Record set:

Lemma mean_indep_distE :
  \int[P2]_w (delta (Xa w) (Xb w))%:E = mean_indep_dist delta P X.
Proof.
have mXX : measurable_fun setT
    (fun w : (Omega * Omega)%type => (X w.1, X w.2)).
  by apply: measurable_fun_pair; [exact: measurableT_comp mX measurable_fst
                                 |exact: measurableT_comp mX measurable_snd].
have mXaXb : measurable_fun setT (fun w => (Xa w, Xb w)).
  exact: measurable_fun_pair.
rewrite (integral_same_law P2 (P \x P) _ _ mXaXb mXX
  (fun p => (delta p.1 p.2)%:E)) //.
apply: same_law_indep_pair => //.
- exact: measurableT_comp mX measurable_fst.
- exact: measurableT_comp mX measurable_snd.
- exact: indep2_fst_snd.
- by move=> A mA; rewrite same_law_fst // lXa.
- by move=> A mA; rewrite same_law_snd // lXb.
Qed.

Lemma mean_indep_dist_le_emd_var :
  mean_indep_dist delta P X
  <= emd dist (law P2 (fun w => (Xa w, Xa w))) (law P2 (fun w => (Xa w, Xb w))).
Proof.
apply/ereal_infP => _ [g [g1 g2] <-].
have mXaXa : measurable_fun setT (fun w => (Xa w, Xa w)).
  exact: measurable_fun_pair.
have mXaXb : measurable_fun setT (fun w => (Xa w, Xb w)).
  exact: measurable_fun_pair.
have diag0 : \int[g]_z (delta z.1.1 z.1.2)%:E = 0.
  rewrite (integral_same_law g P2 _ _ measurable_fst mXaXa
    (fun p => (delta p.1 p.2)%:E)) //.
  under eq_integral do rewrite /= delta_xx.
  exact: integral0.
have offdiag : \int[g]_z (delta z.2.1 z.2.2)%:E = mean_indep_dist delta P X.
  by rewrite -mean_indep_distE (integral_same_law g P2 _ _ measurable_snd mXaXb
    (fun p => (delta p.1 p.2)%:E)).
have mdelta1 : measurable_fun setT
    (fun z : (M * M) * (M * M) => (delta z.1.1 z.1.2)%:E).
  exact: measurableT_comp deltaE_meas measurable_fst.
rewrite -offdiag -[X in _ <= X]adde0 -diag0 -ge0_integralD //.
apply: ge0_le_integral => //.
- exact: measurableT_comp deltaE_meas measurable_snd.
- exact: emeasurable_funD.
- move=> [[a b] [u v]] _ /=; rewrite -EFinD lee_fin.
  exact: delta_le_dist_add_diag.
Qed.

End variance_lower_bound.
End covariance_bounds.

Theorem theorem2 (R : realType) (dM : measure_display) (M : measurableType dM)
  (delta : M -> M -> R) (dist : (M * M)%type -> (M * M)%type -> R)
  (Hdelta : is_metric delta)
  (Hdelta_meas : measurable_fun [set: (M * M)%type] (fun p => delta p.1 p.2))
  (Hdist : is_metric dist)
  (Hdist_meas : measurable_fun [set: ((M * M) * (M * M))%type]
                  (fun p => dist p.1 p.2))
  (Hd1 : forall x u v, dist (x, u) (x, v) = delta u v)
  (Hd2 : forall x y u, dist (x, u) (y, u) = delta x y)
  (Hd3 : forall x u v, delta u v <= dist (x, x) (u, v))
  (* X, Y on a common probability space *)
  (d0 : measure_display) (Omega : measurableType d0) (P : probability Omega R)
  (X Y : Omega -> M)
  (mX : measurable_fun [set: Omega] X) (mY : measurable_fun [set: Omega] Y)
  (HX : finite_first_moment delta P X) (HY : finite_first_moment delta P Y)
  (* X' ~ X, Y' ~ Y, X' and Y' independent *)
  (d1 : measure_display) (Omega1 : measurableType d1) (P1 : probability Omega1 R)
  (X' Y' : Omega1 -> M)
  (mX' : measurable_fun [set: Omega1] X') (mY' : measurable_fun [set: Omega1] Y')
  (lX' : same_law P1 P X' X) (lY' : same_law P1 P Y' Y)
  (iXY' : indep2 P1 X' Y')
  (* Xa ~ X with an independent copy Xb ~ X *)
  (d2 : measure_display) (Omega2 : measurableType d2) (P2 : probability Omega2 R)
  (Xa Xb : Omega2 -> M)
  (mXa : measurable_fun [set: Omega2] Xa) (mXb : measurable_fun [set: Omega2] Xb)
  (lXa : same_law P2 P Xa X) (lXb : same_law P2 P Xb X)
  (iX : indep2 P2 Xa Xb)
  (* Ya ~ Y with an independent copy Yb ~ Y *)
  (d3 : measure_display) (Omega3 : measurableType d3) (P3 : probability Omega3 R)
  (Ya Yb : Omega3 -> M)
  (mYa : measurable_fun [set: Omega3] Ya) (mYb : measurable_fun [set: Omega3] Yb)
  (lYa : same_law P3 P Ya Y) (lYb : same_law P3 P Yb Y)
  (iY : indep2 P3 Ya Yb) :
  (emd dist (law P (fun w => (X w, Y w))) (law P1 (fun w => (X' w, Y' w)))
   <= mine (emd dist (law P2 (fun w => (Xa w, Xa w))) (law P2 (fun w => (Xa w, Xb w))))
           (emd dist (law P3 (fun w => (Ya w, Ya w))) (law P3 (fun w => (Ya w, Yb w)))))%E.
Proof.
case: Hdelta => delta_ge0 [delta_eq0 _].
have delta_xx x : delta x x = 0 by exact/delta_eq0.
case: Hdist => dist_ge0 [_ [_ dist_triangle]].
rewrite le_min; apply/andP; split.
- apply: (@le_trans _ _ (mean_indep_dist delta P X)).
    by apply: emd_cov_le_mean_dist_fst.
  by apply: mean_indep_dist_le_emd_var.
- apply: (@le_trans _ _ (mean_indep_dist delta P Y)).
    by apply: emd_cov_le_mean_dist_snd.
  by apply: mean_indep_dist_le_emd_var.
Qed.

Your instructions: Output the lines above exactly, but only those between the line holding "(* X, Y on a common probability space *)" and the line holding "(Xa Xb : Omega2 -> M)", inclusive.

Result below:
  (* X, Y on a common probability space *)
  (d0 : measure_display) (Omega : measurableType d0) (P : probability Omega R)
  (X Y : Omega -> M)
  (mX : measurable_fun [set: Omega] X) (mY : measurable_fun [set: Omega] Y)
  (HX : finite_first_moment delta P X) (HY : finite_first_moment delta P Y)
  (* X' ~ X, Y' ~ Y, X' and Y' independent *)
  (d1 : measure_display) (Omega1 : measurableType d1) (P1 : probability Omega1 R)
  (X' Y' : Omega1 -> M)
  (mX' : measurable_fun [set: Omega1] X') (mY' : measurable_fun [set: Omega1] Y')
  (lX' : same_law P1 P X' X) (lY' : same_law P1 P Y' Y)
  (iXY' : indep2 P1 X' Y')
  (* Xa ~ X with an independent copy Xb ~ X *)
  (d2 : measure_display) (Omega2 : measurableType d2) (P2 : probability Omega2 R)
  (Xa Xb : Omega2 -> M)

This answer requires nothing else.